WASHINGTON (CN) — Justice Department officials on Thursday added another layer to Washington D.C.’s sandwich saga, after they revealed that the man facing federal charges for throwing a Subway footlong at a federal agent over the weekend had been an agency employee.
U.S. attorney for D.C. Jeanine Pirro announced Wednesday that her office had charged Sean Dunn, 37, with assault after a video circulated online which depicted him throwing the sandwich at a Customs and Border Patrol agent on patrol in the city’s northwest neighborhood Sunday night.
“He thought it was funny,” said Pirro in a video message posted to X on Wednesday evening. “Well, he doesn’t think it’s funny today, because we charged him with a felony.”
In addition to facing a federal assault charge, Dunn has apparently also been fired from his job — at the Justice Department. Attorney General Pam Bondi said in a statement Thursday afternoon that she had learned the man now known as the “D.C. sandwich guy” had been an agency employee. “NO LONGER,” she wrote. “Not only is he FIRED, he has been charged with a felony.”
And the attorney general levied another accusation at Dunn.
“This is an example of the Deep State we have been up against for seven months as we work to refocus DOJ,” Bondi said of the sandwich sharpshooter. “You will NOT work in this administration while disrespecting our government and law enforcement.”
In their criminal complaint, filed in the U.S. District Court for D.C., federal prosecutors said Dunn had yelled “obscenities” at the federal agent prior to throwing the offending sandwich. After the suspect was arrested, he told officers, “I threw a sandwich,” according to the complaint.
Prosecutors are seeking a conviction on a federal simple assault charge, a crime which carries a maximum penalty of eight years in prison.
Sunday’s sandwich strike came amid a growing string of demonstrations against federal law enforcement deployed to D.C. by President Donald Trump in an effort to curb what he has characterized as rampant crime in the nation’s capital.
In D.C.’s 14th Street neighborhood Wednesday night, protesters harangued federal agents and Metropolitan Police Department officers who had set up a checkpoint. Officers wearing masks stopped cars and made at least one arrest as onlookers yelled at them.
Trump on Monday federalized the D.C. police force, using a provision in the 1973 D.C. Home Rule Act which allows the president to take control of local police in an emergency. Though federal law says Trump can only take over the capital city’s police department for 30 days, he said Wednesday that he would seek to extend that authority.
“You can’t have 30 days,” he told reporters, adding that any extension would be “long-term” and suggesting that he could unilaterally renew his control over D.C. Metro Police without congressional approval.
Trump this week also deployed the National Guard to the capital, though their mission is limited to guarding federal property. Guard members have been spotted at the National Mall and Columbus Circle near D.C.’s Union Station.
The White House’s crackdown on crime in the capital city has also been used as a vehicle for Immigration and Customs Enforcement agents to conduct raids on businesses across D.C.

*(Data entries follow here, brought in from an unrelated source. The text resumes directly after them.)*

(* An arbiter variable e^sigma is indexed by e and sigma in [D(e)], the latter
   encoded as a partial assignment on V with domain exactly D(e).  Arbiter
   variables live in the right summand of the extended variable type, which
   makes them fresh. *)
Definition arb (V : finType) := (V * {ffun V -> option bool})%type.
Definition xvar (V : finType) := (V + arb V)%type.

Definition lift_lit (V : finType) (l : lit V) : lit (xvar V) := (inl l.1, l.2).
Definition lift_cnf (V : finType) (phi : cnf V) : cnf (xvar V) :=
  map (map (@lift_lit V)) phi.

Definition valid_arbiters (V : finType) (E : {set V}) (D : V -> {set V})
  (A : {set arb V}) : Prop :=
  forall a, a \in A -> a.1 \in E /\ pdom a.2 = D a.1.

(* (e^s \/ ~s \/ ~e) /\ (~e^s \/ ~s \/ e) *)
Definition arbiter_clauses_of (V : finType) (a : arb V) : cnf (xvar V) :=
  [:: (inr a, true) :: map (@lift_lit V) (negclause a.2) ++ [:: (inl a.1, false)];
      (inr a, false) :: map (@lift_lit V) (negclause a.2) ++ [:: (inl a.1, true)]].

Definition arbiter_clauses (V : finType) (A : {set arb V}) : cnf (xvar V) :=
  flatten (map (@arbiter_clauses_of V) (enum A)).

Definition forcing_clause (V : finType) (U E : {set V}) (D : V -> {set V})
  (A : {set arb V}) (psi : cnf (xvar V)) (C : clause (xvar V)) : Prop :=
  exists (e : V) (b : bool) (s : {ffun xvar V -> option bool}),
    [/\ e \in E,
        pdom s \subset (inl @: U) :|: (inr @: A),
        (forall t : {ffun xvar V -> bool},
            (forall x c, s x = Some c -> t x = c) ->
            sat t psi -> sat_lit t (inl e, b))
      & C =i (inl e, b) :: negclause (restrict s ((inl @: D e) :|: (inr @: A)))].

Immigration authorities were spotted at a Home Depot in the city’s northeast quadrant on Tuesday, where they reportedly took as many as a dozen people into custody.
And D.C. Police Chief Pamela Smith on Thursday morning released an order which allowed police officers to assist federal immigration agents by informing them about people who are not in custody, such as subjects of traffic stops. Smith also ordered police to help ICE agents transport detained people.
D.C. is a sanctuary city, meaning that municipal agencies cannot detain people to assist immigration authorities.
Trump’s crackdown on crime in the nation’s capital comes despite statistics which show that D.C. is currently experiencing its lowest crime rate in decades. According to a January report from the U.S. attorney’s office in D.C., violent crime dropped 35% compared with 2023 rates, a 30-year low.
The White House, though, has accused D.C. officials of misreporting crime statistics and pointed to other studies suggesting that crimes in the capital city have become more likely to escalate to homicide.
Meanwhile, FBI Director Kash Patel said Thursday that the agency and law enforcement partners made 45 arrests overnight on Wednesday, including 29 related to immigration offenses. Among the charges handed down by federal authorities were possession of child sex abuse material, illegal firearms possession and drug trafficking, he said.
And at the bottom of that list of offenses: “Subway Sandwich Assault.”